Your output should be the lines of the entries below, exactly, from the first one through the line that holds "(forall d, (nnz".

Dataset entries:
►

Definition is_kappa (n p s : nat) (X : nat -> nat -> R) (kappa : R) : Prop :=
  kappa_lb n p s X kappa /\ (forall k, kappa_lb n p s X k -> k <= kappa).

Definition Condition1 (n p s : nat) (X : nat -> nat -> R) (kappa0 kappa : R) : Prop :=
  (forall j, (j < p)%nat -> sqnorm (fun i => X i j) n = INR n) /\
  (forall d, (nnz d p < 2 * s)%nat -> sqnorm d p = 1 ->
     / sqrt (INR n) * sqrt (sqnorm (Xmul X p d) n) >= kappa0) /\
  is_kappa n p s X kappa /\ kappa > 0.

(* pen = p_lambda, pen' its derivative on (0,oo), pen'' the derivative of pen'
   on (0,(1-c1)lambda), pinf = p_lambda(oo) *)
Definition Condition2 (p s : nat) (pen pen' pen'' : R -> R) (lam lam0 c1 kappa0 pinf : R)
  (beta0 : nat -> R) : Prop :=
  pen 0 = 0 /\ (forall t, 0 <= t -> 0 <= pen t) /\
  (forall x y, 0 <= x -> x <= y -> pen x <= pen y) /\
  (forall x y t, 0 <= x -> 0 <= y -> 0 <= t <= 1 ->
     t * pen x + (1 - t) * pen y <= pen (t * x + (1 - t) * y)) /\
  (forall t, 0 <= t <= lam -> pen t >= / 2 * (lam ^ 2 - (Rmax (lam - t) 0) ^ 2)) /\
  pen' ((1 - c1) * lam) <= c1 * lam /\
  (forall x, 0 < x < (1 - c1) * lam -> derivable_pt_lim pen' x (pen'' x)) /\
  (forall x y, 0 < x -> x <= y -> y < (1 - c1) * lam -> - pen'' y <= - pen'' x) /\
  pen' ((1 - c1) * lam) <= lam0 / 4 /\
  (forall eps, eps > 0 -> exists T, forall t, t >= T -> Rabs (pen t - pinf) < eps) /\
  (forall j, (j < s)%nat -> Rabs (beta0 j) > Rmax ((1 - c1) * lam) (2 / kappa0 * sqrt pinf)).

Definition is_prob {Omega : Type} (P : (Omega -> Prop) -> R) : Prop :=
  (forall A, 0 <= P A) /\ P (fun _ => True) = 1 /\
  (forall A B, (forall w, A w <-> B w) -> P A = P B) /\
  (forall A B, (forall w, A w -> B w -> False) -> P (fun w => A w \/ B w) = P A + P B).

From Stdlib Require Import Reals Lra Lia List FunctionalExtensionality Classical.
Open Scope R_scope.

(* On the event of (D) every column correlates with the noise by at most [lam0 / 2].  A nonzero
   coordinate of a global minimiser below the threshold [t0 = (1 - c1) lam] can be set to zero
   without increasing the objective: stationarity gives [sign * a_j = lam0 + pen' u], and the
   resulting decrease [pen u - u pen' u - u^2 / 2] is nonnegative by the concavity conditions on
   the penalty.  For a minimiser whose nonzero coordinates all exceed [t0], the basic inequality,
   the restricted and sparse eigenvalue conditions and the beta-min condition force the support
   [{0, ..., s-1}] and a prediction error of order [lam0 sqrt s / kappa].  That small prediction
   error in turn excludes small nonzero coordinates of any global minimiser, so its support is
   exactly the true one and the refitted least-squares estimator solves the oracle normal
   equations. *)

Lemma sumR_ext f g m : (forall k, (k < m)%nat -> f k = g k) -> sumR f m = sumR g m.
Proof.
  induction m as [|m IH]; intros H; simpl; [reflexivity|].
  rewrite IH by (intros; apply H; lia). rewrite H by lia; reflexivity.
Qed.

Lemma sumR_plus f g m : sumR (fun k => f k + g k) m = sumR f m + sumR g m.
Proof. induction m; simpl; [lra|rewrite IHm; lra]. Qed.

Lemma sumR_minus f g m : sumR (fun k => f k - g k) m = sumR f m - sumR g m.
Proof. induction m; simpl; [lra|rewrite IHm; lra]. Qed.

Lemma sumR_scal c f m : sumR (fun k => c * f k) m = c * sumR f m.
Proof. induction m; simpl; [lra|rewrite IHm; lra]. Qed.

Lemma sumR_const c m : sumR (fun _ => c) m = INR m * c.
Proof. induction m; simpl sumR; [simpl; ring|rewrite IHm, S_INR; ring]. Qed.

Lemma sumR_eq0 f m : (forall k, (k < m)%nat -> f k = 0) -> sumR f m = 0.
Proof. intros H. rewrite (sumR_ext _ (fun _ => 0)) by exact H. rewrite sumR_const; ring. Qed.

Lemma sumR_le f g m : (forall k, (k < m)%nat -> f k <= g k) -> sumR f m <= sumR g m.
Proof.
  induction m as [|m IH]; intros H; simpl; [lra|].
  assert (f m <= g m) by (apply H; lia).
  assert (sumR f m <= sumR g m) by (apply IH; intros; apply H; lia). lra.
Qed.

Lemma sumR_nonneg f m : (forall k, (k < m)%nat -> 0 <= f k) -> 0 <= sumR f m.
Proof. intros H. rewrite <- (sumR_eq0 (fun _ => 0) m) by auto. apply sumR_le; auto. Qed.

Lemma sumR_term_le f m j :
  (forall k, (k < m)%nat -> 0 <= f k) -> (j < m)%nat -> f j <= sumR f m.
Proof.
  induction m as [|m IH]; intros H Hj; [lia|simpl].
  assert (0 <= f m) by (apply H; lia).
  destruct (Nat.eq_dec j m) as [->|Hjm].
  - assert (0 <= sumR f m) by (apply sumR_nonneg; intros; apply H; lia). lra.
  - assert (f j <= sumR f m) by (apply IH; [intros; apply H|]; lia). lra.
Qed.

Lemma sumR_split f a b : (a <= b)%nat ->
  sumR f b = sumR f a + sumR (fun k => f (a + k)%nat) (b - a).
Proof.
  intros Hab. replace b with (a + (b - a))%nat at 1 by lia.
  induction (b - a)%nat as [|m IH]; simpl.
  - rewrite Nat.add_0_r; lra.
  - rewrite Nat.add_succ_r; simpl. rewrite IH; lra.
Qed.

Lemma sumR_comm (f : nat -> nat -> R) n p :
  sumR (fun i => sumR (fun j => f i j) p) n = sumR (fun j => sumR (fun i => f i j) n) p.
Proof.
  induction n as [|n IH]; simpl.
  - symmetry; apply sumR_eq0; auto.
  - rewrite IH, <- sumR_plus; reflexivity.
Qed.

(* The discriminant of the nonnegative quadratic [t => sum_k (a_k t - b_k)^2]. *)
Lemma sumR_Cauchy_Schwarz a b m :
  sumR (fun k => a k * b k) m ^ 2
  <= sumR (fun k => a k ^ 2) m * sumR (fun k => b k ^ 2) m.
Proof.
  set (A := sumR (fun k => a k ^ 2) m). set (B := sumR (fun k => b k ^ 2) m).
  set (C := sumR (fun k => a k * b k) m).
  assert (HA : 0 <= A) by (apply sumR_nonneg; intros; apply pow2_ge_0).
  assert (Hq : forall t, 0 <= t ^ 2 * A - 2 * t * C + B).
  { intros t.
    replace (t ^ 2 * A - 2 * t * C + B) with (sumR (fun k => (a k * t - b k) ^ 2) m).
    - apply sumR_nonneg; intros; apply pow2_ge_0.
    - rewrite (sumR_ext _ (fun k => (t ^ 2 * a k ^ 2 - (2 * t) * (a k * b k)) + b k ^ 2))
        by (intros; ring).
      rewrite sumR_plus, sumR_minus, !sumR_scal; reflexivity. }
  destruct (Req_dec A 0) as [H0|H0].
  - assert (C = 0) as ->.
    { destruct (Req_dec C 0) as [|HC]; auto.
      specialize (Hq ((B + 1) / (2 * C))). rewrite H0 in Hq.
      replace (((B + 1) / (2 * C)) ^ 2 * 0 - 2 * ((B + 1) / (2 * C)) * C + B) with (-1)
        in Hq by (field; auto). lra. }
    rewrite H0; lra.
  - specialize (Hq (C / A)).
    replace ((C / A) ^ 2 * A - 2 * (C / A) * C + B) with (B - C ^ 2 / A) in Hq by (field; auto).
    apply Rmult_le_reg_r with (/ A); [apply Rinv_0_lt_compat; lra|].
    replace (A * B * / A) with B by (field; auto). unfold Rdiv in Hq. lra.
Qed.

Definition upd (b : nat -> R) (j : nat) (t : R) : nat -> R :=
  fun k => if Nat.eq_dec k j then t else b k.

Lemma sumR_upd (G : nat -> R -> R) b j t m : (j < m)%nat ->
  sumR (fun k => G k (upd b j t k)) m = sumR (fun k => G k (b k)) m - G j (b j) + G j t.
Proof.
  induction m as [|m IH]; intros Hj; [lia|simpl]. unfold upd at 2.
  destruct (Nat.eq_dec m j) as [<-|Hmj].
  - rewrite (sumR_ext _ (fun k => G k (b k))); [lra|].
    intros k Hk. unfold upd. destruct (Nat.eq_dec k m); [lia|reflexivity].
  - rewrite IH by lia. lra.
Qed.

◄

• _Answer section_
Definition is_kappa (n p s : nat) (X : nat -> nat -> R) (kappa : R) : Prop :=
  kappa_lb n p s X kappa /\ (forall k, kappa_lb n p s X k -> k <= kappa).

Definition Condition1 (n p s : nat) (X : nat -> nat -> R) (kappa0 kappa : R) : Prop :=
  (forall j, (j < p)%nat -> sqnorm (fun i => X i j) n = INR n) /\
  (forall d, (nnz d p < 2 * s)%nat -> sqnorm d p = 1 ->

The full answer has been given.